Some people were around, early shoppers. Roger and Ry and Angus went up the back alley and Jamie strode boldly up to the door. As anticipated, no one even approached.

He paused, closed his eyes to help quicken their adjustment to the darkness he knew he would find inside, and flexed his hand around his sword hilt. How many times had he stood thusly, about to go in and report to fitzWalter, his old mentor and trainer in assassination? To the king? Always to men he had no respect for but was nonetheless bound to?

No longer, though.

He was done with it. He’d told Eva true. He wanted very much to see her cottage, to repair her roof, revel in her body, make her feel safe. He would take Eva, and everything else could go to hell.

He unslung his sword. Keeping his eyes shut, he kicked the door open and leapt to the side, out of the doorway, out of the light. A sigh of coldness extruded from the cavernous interior as if it had substance. It smelled of old wood and cobwebs.

He opened his eyes.

A moment passed in silence, then a voice said quietly, “Enter.”

Two torches were burning, illuminating a few other figures in shadowy blotches. Sunlight leaked weakly in through the line of shuttered windows on the upper floors.

He heard someone shift.

“God’s teeth,” the person hissed. FitzWalter. Good, he was here. “You always were one for sneaking up, Lost.”

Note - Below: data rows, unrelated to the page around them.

Lemma well_founded_of_no_descending_seq :
  (forall s : nat -> T, ~ (forall n, r (s (S n)) (s n))) -> well_founded r.
Proof.
  intros no_desc a. apply NNPP; intro Ha.
  assert (step : forall x : {x | ~ Acc r x},
             exists y : {y | ~ Acc r y}, r (proj1_sig y) (proj1_sig x)).
  { intros [x Hx]. apply NNPP; intro Hn. apply Hx. constructor. intros y Hy.
    apply NNPP; intro Hy'. apply Hn. exists (exist _ y Hy'). exact Hy. }
  destruct (choice _ step) as [next next_lt].
  apply (no_desc (fun n => proj1_sig (Nat.iter n next (exist _ a Ha)))).
  intro n. apply next_lt.
Qed.

Lemma antichain_subseq (s : nat -> T) :
  well_founded r -> (forall i j, r (s i) (s j) -> j < i) ->
  exists f : nat -> nat, (forall i j, i < j -> f i < f j) /\
    (forall i j, i <> j -> ~ r (s (f i)) (s (f j))).
Proof.
  intros wf backward.
  assert (tail_min : forall N, exists j, N <= j /\ forall k, N <= k -> ~ r (s k) (s j)).
  { intro N.
    destruct (wf_exists_min (fun x => exists k, N <= k /\ s k = x) wf) as [m [[j [Nj <-]] m_min]].
    - exists (s N), N. split; [apply le_n | reflexivity].
    - exists j. split; [exact Nj|]. intros k Nk. apply m_min. exists k. split; [exact Nk | reflexivity]. }
  destruct (choice _ tail_min) as [g g_min].
  (* f enumerates successive tail minima: f 0 = g 0 and f (S n) = g (S (f n)). *)
  pose (f := fun n => Nat.iter n (fun k => g (S k)) (g 0)).
  assert (f_min : forall j, exists N, N <= f j /\ forall k, N <= k -> ~ r (s k) (s (f j))).
  { intros [|j]; [exists 0 | exists (S (f j))]; apply g_min. }
  assert (f_succ : forall n, f n < f (S n)) by (intro n; exact (proj1 (g_min (S (f n))))).
  assert (f_incr : forall i j, i < j -> f i < f j).
  { intros i j ij. induction ij as [|j _ IH]; [apply f_succ | specialize (f_succ j); lia]. }
  exists f. split; [exact f_incr|].
  intros i j ne. destruct (Nat.lt_total i j) as [ij|[<-|ji]]; [| contradiction |].
  - intro H. apply backward in H. specialize (f_incr i j ij). lia.
  - destruct (f_min j) as [N [N_le N_min]]. apply N_min. specialize (f_incr j i ji). lia.
Qed.

End WellFounded.

Section WellOrder.

Variables (T : Type) (r : T -> T -> Prop).
Hypothesis wo : well_order r.

Lemma wo_lt_le_trans (a b c : T) : r a b -> ~ r c b -> r a c.
Proof.
  destruct wo as [_ [tr [tri _]]]. intros ab cb.
  destruct (tri b c) as [bc|[<-|cb']]; [exact (tr _ _ _ ab bc) | exact ab | contradiction].
Qed.

Lemma wo_le_lt_trans (a b c : T) : ~ r b a -> r b c -> r a c.
Proof.
  destruct wo as [_ [tr [tri _]]]. intros ba bc.
  destruct (tri a b) as [ab|[<-|ba']]; [exact (tr _ _ _ ab bc) | exact bc | contradiction].
Qed.

Lemma wo_least (P : T -> Prop) : (exists x, P x) -> {m | P m /\ forall y, P y -> ~ r y m}.
Proof.
  intro ex. apply constructive_indefinite_description.
  exact (wf_exists_min T r P (proj2 (proj2 (proj2 wo))) ex).
Qed.

End WellOrder.

Section IncreasingMap.

Variables (A B : Type) (rA : A -> A -> Prop) (rB : B -> B -> Prop).
Hypotheses (wA : well_order rA) (wB : well_order rB).
Variable h : A -> B.
Hypothesis h_incr : forall a a', rA a a' -> rB (h a) (h a').

Definition strict_ub (a : A) (g : forall a', rA a' a -> B) (b : B) : Prop :=
  forall a' (H : rA a' a), rB (g a' H) b.

(* [h a] is a junk value: along [seg_map] a strict upper bound always exists. *)
Definition seg_step (a : A) (g : forall a', rA a' a -> B) : B :=
  match excluded_middle_informative (exists b, strict_ub a g b) with
  | left ex => proj1_sig (wo_least B rB wB _ ex)
  | right _ => h a
  end.

Lemma seg_step_spec (a : A) (g : forall a', rA a' a -> B) :
  (exists b, strict_ub a g b) ->
  strict_ub a g (seg_step a g) /\ forall b, strict_ub a g b -> ~ rB b (seg_step a g).
Proof.
  intro ex. unfold seg_step.
  destruct (excluded_middle_informative _) as [ex'|no]; [|contradiction].
  destruct (wo_least _ _ _ _ ex') as [m Hm]. exact Hm.
Qed.

Definition seg_map : A -> B := Fix (proj2 (proj2 (proj2 wA))) (fun _ => B) seg_step.

Lemma seg_map_eq (a : A) : seg_map a = seg_step a (fun a' _ => seg_map a').
Proof.
  unfold seg_map. refine (Fix_eq _ (fun _ => B) seg_step _ a). intros x g1 g2 Hg.
  replace g2 with g1; [reflexivity|].
  apply functional_extensionality_dep; intro y.
  apply functional_extensionality_dep; intro p. apply Hg.
Qed.

Lemma seg_map_spec (a : A) :
  ~ rB (h a) (seg_map a) /\
  (forall a', rA a' a -> rB (seg_map a') (seg_map a)) /\
  (forall b, (forall a', rA a' a -> rB (seg_map a') b) -> ~ rB b (seg_map a)).
Proof.
  induction (proj2 (proj2 (proj2 wA)) a) as [a _ IH].
  assert (h_ub : strict_ub a (fun a' _ => seg_map a') (h a)).
  { intros a' H. apply (wo_le_lt_trans B rB wB _ (h a')).
    - exact (proj1 (IH a' H)).
    - exact (h_incr _ _ H). }
  destruct (seg_step_spec a _ (ex_intro _ _ h_ub)) as [ub least].
  rewrite (seg_map_eq a). split; [|split].
  - exact (least _ h_ub).
  - exact ub.
  - intros b Hb. exact (least b Hb).
Qed.

Lemma seg_map_initial (a : A) (b : B) : rB b (seg_map a) -> exists a', seg_map a' = b.
Proof.
  induction (proj2 (proj2 (proj2 wA)) a) as [a _ IH]. intro ba.
  destruct (classic (forall a', rA a' a -> rB (seg_map a') b)) as [ub|not_ub].
  - exfalso. exact (proj2 (proj2 (seg_map_spec a)) b ub ba).
  - apply not_all_ex_not in not_ub as [a' Ha']. apply imply_to_and in Ha' as [a'a not_lt].
    pose proof wB as [_ [_ [tri _]]].
    destruct (tri b (seg_map a')) as [b_lt|[E|b_gt]].
    + exact (IH a' a'a b_lt).
    + exists a'. symmetry. exact E.
    + contradiction.
Qed.

Lemma ord_le_of_increasing : ord_le rA rB.
Proof.
  exists seg_map. split; [|exact seg_map_initial].
  pose proof wA as [_ [_ [triA _]]]. pose proof wB as [irB [trB _]].
  intros a a'. split; [exact (proj1 (proj2 (seg_map_spec a')) a)|].
  intro H. destruct (triA a a') as [aa'|[<-|a'a]]; [exact aa' | exfalso..].
  - exact (irB _ H).
  - apply (irB (seg_map a)). exact (trB _ _ _ H (proj1 (proj2 (seg_map_spec a)) a' a'a)).
Qed.

End IncreasingMap.

Lemma embeds_trans {A B C : Type}
  (rA : A -> A -> Prop) (rB : B -> B -> Prop) (rC : C -> C -> Prop) :
  embeds rA rB -> embeds rB rC -> embeds rA rC.
Proof.
  intros [f [f_inj f_iff]] [g [g_inj g_iff]]. exists (fun x => g (f x)). split.
  - intros x y E. exact (f_inj _ _ (g_inj _ _ E)).
  - intros x y. rewrite f_iff. apply g_iff.
Qed.

Lemma tame_of_embeds {X Y : Type} (ltX : X -> X -> Prop) (ltY : Y -> Y -> Prop) :
  embeds ltX ltY -> tame ltY -> tame ltX.
Proof.
  intros e [noR22 noS]. split; intro H; [apply noR22 | apply noS]; exact (embeds_trans _ _ _ H e).
Qed.

Lemma embedding_of_reduced {A T : Type} (rA : A -> A -> Prop) (rT : T -> T -> Prop) (F : A -> T) :
  reduced rA -> (forall p q, rA p q <-> rT (F p) (F q)) -> embedding rA rT F.
Proof.
  intros red F_iff. split; [|exact F_iff].
  intros p q E. apply red; intro r; rewrite !F_iff, E; reflexivity.
Qed.

Lemma R22_reduced : reduced R22_lt.
Proof.
  intros [[|] [|]] [[|] [|]] below above; try reflexivity; exfalso;
  pose proof (above (true,true)); pose proof (above (true,false));
  pose proof (below (false,true)); pose proof (below (false,false));
  clear above below; unfold R22_lt in *; simpl in *; intuition discriminate.
Qed.

Lemma Somega2_reduced : reduced Somega2_lt.
Proof.
  unfold Somega2_lt.
  intros [[|] m] [[|] n] below above; cbn in *.
  - destruct (proj1 (below (false,m)) (conj eq_refl (conj eq_refl (le_n m)))) as (_ & _ & nm).
    destruct (proj2 (below (false,n)) (conj eq_refl (conj eq_refl (le_n n)))) as (_ & _ & mn).
    cbn in *. f_equal. lia.
  - destruct (proj1 (below (false,m)) (conj eq_refl (conj eq_refl (le_n m)))) as (_ & E & _).
    discriminate.
  - destruct (proj2 (below (false,n)) (conj eq_refl (conj eq_refl (le_n n)))) as (_ & E & _).
    discriminate.
  - destruct (proj1 (above (true,m)) (conj eq_refl (conj eq_refl (le_n m)))) as (_ & _ & mn).
    destruct (proj2 (above (true,n)) (conj eq_refl (conj eq_refl (le_n n)))) as (_ & _ & nm).
    cbn in *. f_equal. lia.
Qed.

Section RLambda.

Variables (W : Type) (ltW : W -> W -> Prop).
Hypothesis wo : well_order ltW.

Lemma Rl_no_R22 : ~ embeds R22_lt (Rl_lt ltW).
Proof.
  intros [e [_ e_iff]].
  assert (x0y0 : Rl_lt ltW (e (false,false)) (e (true,false))) by (apply e_iff; repeat split).
  assert (x1y1 : Rl_lt ltW (e (false,true)) (e (true,true))) by (apply e_iff; repeat split).
  assert (x0y1 : ~ Rl_lt ltW (e (false,false)) (e (true,true)))
    by (intro H; apply e_iff in H as (_ & _ & H); discriminate).
  assert (x1y0 : ~ Rl_lt ltW (e (false,true)) (e (true,false)))
    by (intro H; apply e_iff in H as (_ & _ & H); discriminate).
  unfold Rl_lt in *. pose proof wo as [irr [tr _]].
  apply (irr (snd (proj1_sig (e (false,false))))).
  exact (tr _ _ _ (wo_lt_le_trans _ _ wo _ _ _ x0y0 x1y0) (wo_lt_le_trans _ _ wo _ _ _ x1y1 x0y1)).
Qed.

Lemma Rl_no_Somega2 : ~ embeds Somega2_lt (Rl_lt ltW).
Proof.
  intros [e [_ e_iff]].
  apply (wf_no_descending_seq _ ltW (fun n => snd (proj1_sig (e (false,n)))) (proj2 (proj2 (proj2 wo)))).
  intro n.
  assert (x_lt_y : Rl_lt ltW (e (false, S n)) (e (true, S n))) by (apply e_iff; repeat split; apply le_n).
  assert (x_nlt_y : ~ Rl_lt ltW (e (false, n)) (e (true, S n)))
    by (intro H; apply e_iff in H as (_ & _ & H); cbn in H; lia).
  exact (wo_lt_le_trans _ _ wo _ _ _ x_lt_y x_nlt_y).
Qed.

Lemma Rl_tame : tame (Rl_lt ltW).
Proof. split; [exact Rl_no_R22 | exact Rl_no_Somega2]. Qed.

End RLambda.

Section TameOrder.

Variables (X : Type) (lt : X -> X -> Prop).
Hypotheses (so : strict_order lt) (wf : well_founded lt).

Definition up_incl (x y : X) : Prop := forall z, lt x z -> lt y z.

Lemma up_incl_total : ~ embeds R22_lt lt -> forall x y, up_incl x y \/ up_incl y x.
Proof.
  pose proof so as [irr tr].
  intros noR22 a b. apply NNPP; intro Hn. apply not_or_and in Hn as [ab ba].
  apply not_all_ex_not in ab as [c Hc]. apply imply_to_and in Hc as [ac nbc].
  apply not_all_ex_not in ba as [d Hd]. apply imply_to_and in Hd as [bd nad].
  assert (Nab : ~ lt a b) by (intro H; apply nad; eapply tr; eauto).
  assert (Nba : ~ lt b a) by (intro H; apply nbc; eapply tr; eauto).
  assert (Ncd : ~ lt c d) by (intro H; apply nad; eapply tr; eauto).
  assert (Ndc : ~ lt d c) by (intro H; apply nbc; eapply tr; eauto).
  assert (Nca : ~ lt c a) by (intro H; apply (irr a); eapply tr; eauto).
  assert (Ndb : ~ lt d b) by (intro H; apply (irr b); eapply tr; eauto).
  assert (Ncb : ~ lt c b) by (intro H; apply nad; eapply tr; [exact ac|]; eapply tr; eauto).
  assert (Nda : ~ lt d a) by (intro H; apply nbc; eapply tr; [exact bd|]; eapply tr; eauto).
  apply noR22. exists (fun p : bool * bool => match p with
    | (false,false) => a | (true,false) => c | (false,true) => b | (true,true) => d end).
  apply embedding_of_reduced; [exact R22_reduced|].
  intros [[|] [|]] [[|] [|]]; unfold R22_lt; simpl; split; intro H;
  first [ contradiction | exfalso; apply (irr _ H) | (destruct H as (? & ? & ?); discriminate)
        | assumption | (repeat split; reflexivity) ].
Qed.

Definition up_chain (c : nat -> X) : Prop :=
  (forall n, up_incl (c n) (c (S n))) /\ (forall n, exists z, lt (c (S n)) z /\ ~ lt (c n) z).

Section UpChain.

Variable c : nat -> X.
Hypothesis c_chain : up_chain c.

Lemma up_chain_incl (i j : nat) : i <= j -> up_incl (c i) (c j).
Proof.
  intro ij. induction ij as [|j _ IH]; intros z H; [exact H | exact (proj1 c_chain j z (IH z H))].
Qed.

Lemma up_chain_strict (i j : nat) : i < j -> exists z, lt (c j) z /\ ~ lt (c i) z.
Proof.
  intro ij. destruct j as [|j]; [lia|].
  destruct (proj2 c_chain j) as [z [jz njz]]. exists z. split; [exact jz|].
  intro iz. apply njz. exact (up_chain_incl i j ltac:(lia) z iz).
Qed.

Lemma up_chain_backward (i j : nat) : lt (c i) (c j) -> j < i.
Proof.
  pose proof so as [irr tr]. intro H.
  destruct (Nat.lt_total i j) as [ij|[<-|ji]]; [exfalso | exfalso; exact (irr _ H) | exact ji].
  destruct (up_chain_strict i j ij) as [z [jz niz]]. exact (niz (tr _ _ _ H jz)).
Qed.

Lemma up_chain_subseq (f : nat -> nat) :
  (forall i j, i < j -> f i < f j) -> up_chain (fun n => c (f n)).
Proof.
  intro f_incr. split; intro n.
  - apply up_chain_incl. apply Nat.lt_le_incl, f_incr. lia.
  - apply up_chain_strict, f_incr. lia.
Qed.

End UpChain.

“Aye. You trained us well.”

Silence for a moment. Jamie’s eyes searched the interior. There was fitzWalter, standing in a wash of pale light. He was smiling faintly.

“Ah, yes. I heard you saw Chance.”

“It was fleeting.”

Another small grin lifted Baynard’s glossy beard. “She was hog-tied and had a rag stuffed in her mouth, her hands this close to being broken.”

“What I meant was, it did not take long.”

Baynard gave a bark of coarse laughter.

“Jamie Lost.”

Mouldin’s gravelly voice was recognizable anywhere, even to Jamie, who’d only heard it once, on the streets of London. Jamie turned toward it.

“I am honored,” Mouldin said. “In a hundred years, I never expected you to show up here. But I am pleased to have two such esteemed emissaries from King John.” Mouldin turned and indicated the other shadowy figure in the room, standing against the far wall. Cig. Damn. “How sad for you all that you cannot kill me.”